End-stage renal disease is fraught with a myriad of attending side problems, not the least of which is severe anemia. Almost all kidney failure patients have erythopoietin (“EPO”) injected into their blood lines during the dialysis run. EPO is a recombinant human DNA product that fools the body into creating more red blood cells in the bone marrow. It’s one of those incredibly expensive wonder drugs, but as it turns out, may not be so wonderful after all.
A recent Correction of Hemoglobin and Outcomes in Renal Insufficiency (CHOIR) study indicates that patients using erythopoietin outside of the recommended dosage levels have a higher number of deaths, strokes, heart attacks and hospitalization due to congestive heart failure. The study used chronic kidney disease patients, not dialysis patients, but the results would seem to transfer across the patient universes.
From the study:
“The study was conducted to understand whether anemic patients with chronic kidney disease not on dialysis, treated with Procrit (Epoetin alfa) to an investigational target hemoglobin level of 13.5 grams per deciliter of blood (g/dL), had improved mortality and specific cardiovascular outcomes compared to patients treated to a target hemoglobin level of 11.3 g/dL.”

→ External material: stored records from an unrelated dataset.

Lemma RInt_kernel_tail a u : a <> 0 -> 0 < u <= 1 ->
  RInt (kernel a) u 1 = RInt (integrand g (G a)) 0 (a * (1 - u * u)).
Proof.
  intros Ha Hu. set (f := integrand g (G a)).
  assert (Hcomp := is_RInt_comp f (fun s => a * (1 - s * s)) (fun s => - 2 * a * s) u 1).
  rewrite Rmin_left, Rmax_right in Hcomp by lra.
  replace (a * (1 - 1 * 1)) with 0 in Hcomp by ring.
  assert (Hfc : forall s, u <= s <= 1 -> continuous f (a * (1 - s * s))).
  { intros s Hs. apply integrand_continuous, (G_lt_segment a (1 - s * s)); [exact Ha | nra |].
    unfold Rmin, Rmax. destruct Rle_dec; lra. }
  assert (Hsub : forall s, u <= s <= 1 -> is_derive (fun s => a * (1 - s * s)) s (- 2 * a * s)
                  /\ continuous (fun s => - 2 * a * s) s).
  { intros s Hs. split; [auto_derive; [trivial | ring] |].
    apply (ex_derive_continuous (V := R_NormedModule)). auto_derive. trivial. }
  specialize (Hcomp Hfc Hsub).
  assert (Hf : ex_RInt f 0 (a * (1 - u * u))).
  { apply (ex_RInt_continuous (V := R_CompleteNormedModule)). intros z Hz.
    apply integrand_continuous, (G_lt_segment a (1 - u * u)); [exact Ha | nra | exact Hz]. }
  rewrite <- (opp_RInt_swap (V := R_CompleteNormedModule) f _ _ (ex_RInt_swap _ _ _ Hf)).
  rewrite <- (is_RInt_unique _ _ _ _ Hcomp).
  rewrite <- (RInt_opp (V := R_CompleteNormedModule)).
  - apply RInt_ext. rewrite Rmin_left, Rmax_right by lra. intros s Hs.
    rewrite kernel_eq_integrand by (auto; lra). change (scal ?x ?y) with (x * y).
    change (opp ?x) with (- x). unfold f.
    match goal with |- ?A = ?B => change (@eq R A B) end. ring.
  - eexists. exact Hcomp.
Qed.

(* [0 <= b / a < 1] says that b lies between 0 and a, with b <> a. *)
Lemma is_RInt_gen_transit a {F : (R -> Prop) -> Prop} {FF : Filter F} :
  a <> 0 -> filter_le F (locally a) -> F (fun b => 0 <= b / a < 1) ->
  is_RInt_gen (integrand g (G a)) (at_point 0) F (transit a).
Proof.
  intros Ha Hle Hratio. apply is_RInt_gen_at_point_l.
  - revert Hratio. apply filter_imp. intros b Hb.
    apply (ex_RInt_continuous (V := R_CompleteNormedModule)). intros z Hz.
    apply integrand_continuous, (G_lt_segment a (b / a)); [exact Ha | exact Hb |].
    replace (a * (b / a)) with b by (field; exact Ha). exact Hz.
  - set (sigma := fun b => sqrt (1 - b / a)).
    apply (filterlim_ext_loc (fun b => RInt (kernel a) (sigma b) 1)).
    + revert Hratio. apply filter_imp. intros b Hb.
      assert (Hs : sigma b * sigma b = 1 - b / a) by (apply sqrt_sqrt; lra).
      assert (Hs1 : sigma b <= 1) by (rewrite <- sqrt_1; apply sqrt_le_1_alt; lra).
      rewrite RInt_kernel_tail by first [exact Ha | split; [apply sqrt_lt_R0; lra | exact Hs1]].
      rewrite Hs. f_equal. field. exact Ha.
    + apply (filterlim_comp _ _ _ sigma (fun u => RInt (kernel a) u 1) F (locally 0)).
      * apply (filterlim_filter_le_1 _ Hle).
        assert (Hc : continuous sigma a).
        { apply continuous_sqrt_comp, (ex_derive_continuous (V := R_NormedModule)).
          auto_derive. trivial. }
        unfold continuous in Hc. replace (sigma a) with 0 in Hc; [exact Hc|].
        unfold sigma. replace (1 - a / a) with 0 by (field; exact Ha). now rewrite sqrt_0.
      * exact (kernel_tail_continuous a Ha).
Qed.

Lemma is_RInt_gen_transit_left a : 0 < a ->
  is_RInt_gen (integrand g (G a)) (at_point 0) (at_left a) (transit a).
Proof.
  intros Ha.
  apply (@is_RInt_gen_transit a (at_left a) _); [now apply Rgt_not_eq | apply filter_le_within |].
  apply (locally_interval _ a 0 p_infty); [exact Ha | exact I |].
  intros b Hb _ Hba. apply Rdiv_unit_interval. simpl in Hb. lra.
Qed.

Lemma is_RInt_gen_transit_right a : a < 0 ->
  is_RInt_gen (integrand g (G a)) (at_right a) (at_point 0) (- transit a).
Proof.
  intros Ha.
  apply (is_RInt_gen_swap (V := R_NormedModule) (Fa := at_right a) (Fb := at_point 0)
           _ (transit a)).
  apply (@is_RInt_gen_transit a (at_right a) _); [now apply Rlt_not_eq | apply filter_le_within |].
  apply (locally_interval _ a m_infty 0); [exact I | exact Ha |].
  intros b _ Hb Hab. apply Rdiv_unit_interval. simpl in Hb. lra.
Qed.

Lemma RInt_integrand_ge c b : (forall z, Rmin 0 b <= z <= Rmax 0 b -> G z < c) ->
  b * b / sqrt c <= b * RInt (integrand g c) 0 b.
Proof.
  intros Hseg.
  assert (Hc : 0 < c).
  { rewrite <- (Gprim_0 g). apply Hseg. unfold Rmin, Rmax. destruct Rle_dec; lra. }
  assert (H := RInt_le_oriented (fun _ => / sqrt c) (integrand g c) 0 b).
  rewrite RInt_const, Rminus_0_r in H. change (scal b (/ sqrt c)) with (b * / sqrt c) in H.
  unfold Rdiv. replace (b * b * / sqrt c) with (b * (b * / sqrt c)) by ring.
  apply H.
  - apply ex_RInt_const.
  - apply (ex_RInt_continuous (V := R_CompleteNormedModule)). intros z Hz.
    now apply integrand_continuous, Hseg.
  - intros z Hz. unfold integrand, Rdiv. rewrite Rmult_1_l.
    assert (Hz' : G z < c) by (apply Hseg; lra).
    apply Rinv_le_contravar; [apply sqrt_lt_R0; lra|].
    apply sqrt_le_1_alt. pose proof (G_ge0 z). lra.
Qed.

(** * Pruefer comparison *)

(* A Pruefer-type angle on the energy level c: it stays below pi / (2 al), and its derivative
   [prufer'] dominates [integrand g c] wherever z g z >= 2 al^2 z^2. *)
Definition prufer (c al z : R) : R := atan (al * z / sqrt (c - G z)) / al.

Definition prufer' (c al z : R) : R :=
  (2 * (c - G z) + z * g z) / (2 * sqrt (c - G z) * (c - G z + al * al * (z * z))).

Lemma prufer_derive c al z : 0 < al -> G z < c -> is_derive (prufer c al) z (prufer' c al z).
Proof.
  intros Hal Hz. unfold prufer, prufer'.
  assert (Hw : 0 < sqrt (c - G z)) by (apply sqrt_lt_R0; lra).
  assert (Hww : sqrt (c - G z) * sqrt (c - G z) = c - G z) by (apply sqrt_sqrt; lra).
  auto_derive.
  - split; [exists (g z); apply G_derive|].
    repeat split; try lra. apply Rgt_not_eq, sqrt_lt_R0. lra.
  - replace (Derive (fun x => G x) z) with (g z)
      by (symmetry; apply is_derive_unique, G_derive).
    replace (c + - G z) with (c - G z) by ring.
    set (w := sqrt (c - G z)) in *. rewrite <- Hww.
    assert (0 <= al * z / w * (al * z / w)) by nra.
    field. repeat split; nra.
Qed.

Lemma prufer'_continuous c al z : G z < c -> continuous (prufer' c al) z.
Proof.
  intros Hz. unfold prufer', Rdiv.
  assert (Hw : 0 < sqrt (c - G z)) by (apply sqrt_lt_R0; lra).
  apply (continuous_mult (fun z => 2 * (c - G z) + z * g z)).
  - apply (continuous_plus (fun z => 2 * (c - G z))).
    + apply (ex_derive_continuous (V := R_NormedModule)). auto_derive. exists (g z). apply G_derive.
    + apply (continuous_mult (fun z : R => z)); [apply continuous_id | apply g_cont].
  - apply continuous_Rinv_comp.
    + apply (ex_derive_continuous (V := R_NormedModule)). auto_derive.
      repeat split; [exists (g z); apply G_derive | lra | exists (g z); apply G_derive].
    + assert (0 <= al * al * (z * z)) by (apply Rmult_le_pos; nra).
      apply Rgt_not_eq, Rmult_lt_0_compat; lra.
Qed.

Lemma integrand_le_prufer' c al z : G z < c -> 2 * (al * al) * (z * z) <= z * g z ->
  integrand g c z <= prufer' c al z.
Proof.
  intros Hz Hk. unfold integrand, prufer'.
  assert (Hw : 0 < sqrt (c - G z)) by (apply sqrt_lt_R0; lra).
  pose proof (sqrt_sqrt (c - G z) ltac:(lra)) as Hww.
  set (w := sqrt (c - G z)) in *. rewrite <- Hww.
  assert (Hd : 0 < w * w + al * al * (z * z)) by nra.
  apply (Rmult_le_reg_r (2 * w * (w * w + al * al * (z * z)))); [nra|].
  replace (1 / w * (2 * w * (w * w + al * al * (z * z))))
    with (2 * (w * w + al * al * (z * z))) by (field; lra).
  replace ((2 * (w * w) + z * g z) / (2 * w * (w * w + al * al * (z * z)))
    * (2 * w * (w * w + al * al * (z * z)))) with (2 * (w * w) + z * g z) by (field; lra).
  lra.
Qed.

Lemma RInt_prufer' c al b : 0 < al -> (forall z, Rmin 0 b <= z <= Rmax 0 b -> G z < c) ->
  RInt (prufer' c al) 0 b = prufer c al b.
Proof.
  intros Hal Hseg. apply is_RInt_unique.
  replace (prufer c al b) with (minus (prufer c al b) (prufer c al 0)).
  - apply (is_RInt_derive (V := R_CompleteNormedModule)); intros z Hz.
    + apply prufer_derive; [exact Hal | apply Hseg, Hz].
    + apply prufer'_continuous, Hseg, Hz.
  - unfold prufer. rewrite Rmult_0_r, Rdiv_0_l, atan_0, Rdiv_0_l.
    change (minus ?u 0) with (u - 0). apply Rminus_0_r.
Qed.

Lemma mul_prufer_le c al b : 0 < al -> b * prufer c al b <= Rabs b * (PI / (2 * al)).
Proof.
  intros Hal. unfold prufer.
  destruct (atan_bound (al * b / sqrt (c - G b))) as [Hlo Hhi].
  set (t := atan (al * b / sqrt (c - G b))) in *.
  replace (b * (t / al)) with (b * t / al) by (field; lra).
  replace (Rabs b * (PI / (2 * al))) with (Rabs b * (PI / 2) / al) by (field; lra).
  apply Rmult_le_compat_r; [left; apply Rinv_0_lt_compat, Hal|].
  destruct (Rle_lt_dec 0 b); [rewrite Rabs_pos_eq | rewrite Rabs_left]; nra.
Qed.

Lemma RInt_integrand_le_prufer c k b : 0 < k ->
  (forall z, Rmin 0 b <= z <= Rmax 0 b -> G z < c /\ k * (z * z) <= z * g z) ->
  b * RInt (integrand g c) 0 b <= Rabs b * (PI / sqrt (2 * k)).
Proof.
  intros Hk Hseg. set (al := sqrt (k / 2)).
  assert (Hal : 0 < al) by (apply sqrt_lt_R0; lra).
  assert (Hal2 : al * al = k / 2) by (apply sqrt_sqrt; lra).
  replace (sqrt (2 * k)) with (2 * al).
  2: { replace (2 * k) with ((2 * al) * (2 * al)) by nra. rewrite sqrt_square; lra. }
  eapply Rle_trans; [|apply (mul_prufer_le c al b Hal)].
  rewrite <- RInt_prufer' by first [exact Hal | intros z Hz; apply Hseg, Hz].
  assert (H := RInt_le_oriented (integrand g c) (prufer' c al) 0 b).
  rewrite Rminus_0_r in H. apply H.
  - apply (ex_RInt_continuous (V := R_CompleteNormedModule)). intros z Hz.
    apply integrand_continuous, Hseg, Hz.
  - apply (ex_RInt_continuous (V := R_CompleteNormedModule)). intros z Hz.
    apply prufer'_continuous, Hseg, Hz.
  - intros z Hz. destruct (Hseg z ltac:(lra)) as [Hzc Hzk].
    apply integrand_le_prufer'; [exact Hzc | rewrite Hal2; lra].
Qed.

Lemma transit_ge a : a <> 0 -> a * a / sqrt (G a) <= a * transit a.
Proof.
  intros Ha. pose proof (G_pos a Ha) as HGa.
  enough (H : a * a * (1 - 0 * 0) / sqrt (G a) <= a * RInt (kernel a) 0 1)
    by (rewrite Rmult_0_l, Rminus_0_r, Rmult_1_r in H; exact H).
  apply (continuous_le_right (fun u => a * a * (1 - u * u) / sqrt (G a))
           (fun u => a * RInt (kernel a) u 1) 0 1 Rlt_0_1).
  - apply (ex_derive_continuous (V := R_NormedModule)). auto_derive. trivial.
  - apply (continuous_scal_r a (fun u => RInt (kernel a) u 1)), kernel_tail_continuous, Ha.
  - intros u Hu. rewrite RInt_kernel_tail by first [exact Ha | lra].
    assert (Ht : 0 < 1 - u * u < 1) by nra.
    assert (H := RInt_integrand_ge (G a) (a * (1 - u * u))
                   (fun z Hz => G_lt_segment a (1 - u * u) z Ha ltac:(lra) Hz)).
    unfold Rdiv in *. nra.
Qed.

Lemma transit_le a k : a <> 0 -> 0 < k ->
  (forall z, Rmin 0 a <= z <= Rmax 0 a -> k * (z * z) <= z * g z) ->
  a * transit a <= Rabs a * (PI / sqrt (2 * k)).
Proof.
  intros Ha Hk Hseg.
  apply (continuous_le_right (fun u => a * RInt (kernel a) u 1)
           (fun _ => Rabs a * (PI / sqrt (2 * k))) 0 1 Rlt_0_1).
  - apply (continuous_scal_r a (fun u => RInt (kernel a) u 1)), kernel_tail_continuous, Ha.
  - apply continuous_const.
  - intros u Hu. rewrite RInt_kernel_tail by first [exact Ha | lra].
    assert (Ht : 0 < 1 - u * u < 1) by nra.
    assert (H := RInt_integrand_le_prufer (G a) k (a * (1 - u * u)) Hk).
    rewrite Rabs_mult, (Rabs_pos_eq (1 - u * u)) in H by lra.
    cut (a * (1 - u * u) * RInt (integrand g (G a)) 0 (a * (1 - u * u))
           <= Rabs a * (1 - u * u) * (PI / sqrt (2 * k))); [intros; nra|].
    apply H. intros z Hz. split.
    + exact (G_lt_segment a (1 - u * u) z Ha ltac:(lra) Hz).
    + apply Hseg, (segment_scale_incl a (1 - u * u)); [lra | exact Hz].
Qed.

(** * The time map *)

Section TimeMap.

Variables (lambda : R) (xm xp : R -> R).
Hypothesis lambda_pos : 0 < lambda.
Hypothesis xp_spec : forall c, admissible g c -> 0 < xp c /\ G (xp c) = c.
Hypothesis xm_spec : forall c, admissible g c -> xm c < 0 /\ G (xm c) = c.

Local Notation time_map := (tau g lambda xm xp).

Lemma is_RInt_gen_tau_plus c : admissible g c ->
  is_RInt_gen (integrand g c) (at_point 0) (at_left (xp c)) (transit (xp c)).
Proof.
  intros Hc. destruct (xp_spec c Hc) as [Hpos HG].
  replace (integrand g c) with (integrand g (G (xp c))) by now rewrite HG.
  now apply is_RInt_gen_transit_left.
Qed.

Lemma is_RInt_gen_tau_minus c : admissible g c ->
  is_RInt_gen (integrand g c) (at_right (xm c)) (at_point 0) (- transit (xm c)).
Proof.
  intros Hc. destruct (xm_spec c Hc) as [Hneg HG].
  replace (integrand g c) with (integrand g (G (xm c))) by now rewrite HG.
  now apply is_RInt_gen_transit_right.
Qed.

Lemma tau_eq c : admissible g c ->
  time_map c = sqrt (2 / lambda) * (transit (xp c) - transit (xm c)).
Proof.
  intros Hc. unfold tau, tau_plus, tau_minus.
  rewrite (is_RInt_gen_unique (V := R_CompleteNormedModule) _ _ (is_RInt_gen_tau_plus c Hc)),
    (is_RInt_gen_unique (V := R_CompleteNormedModule) _ _ (is_RInt_gen_tau_minus c Hc)).
  ring.
Qed.

Lemma xp_continuous c : admissible g c -> continuous xp c.
Proof.
  intros Hc. apply (continuous_incr_inverse G); [intros; apply G_incr; lra|].
  generalize (admissible_locally g c Hc). apply filter_imp. exact xp_spec.
Qed.

Lemma xm_continuous c : admissible g c -> continuous xm c.
Proof.
  intros Hc. apply (continuous_ext (fun c => - - xm c) xm); [intros; apply Ropp_involutive|].
  apply (continuous_opp (V := R_NormedModule) (fun c => - xm c)).
  apply (continuous_incr_inverse (fun y => G (- y))); [intros; apply G_decr; lra|].
  generalize (admissible_locally g c Hc). apply filter_imp. intros c' Hc'.
  rewrite Ropp_involutive. destruct (xm_spec c' Hc'). split; [lra | assumption].
Qed.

In my case, my hemoglobin level fluctuates between 11.3 and 11.8 g/dL with massive injections of EPO twice a week, well within the recommended dosage level to attain a level between 10 and 12 g/dL. Problem is that I feel an order of magnitude better with a hemoglobin level of 13 compared to a hemoglobin level of 12.
Well, like Hunter said, “if the thunder don’t get you, then the lightning will.”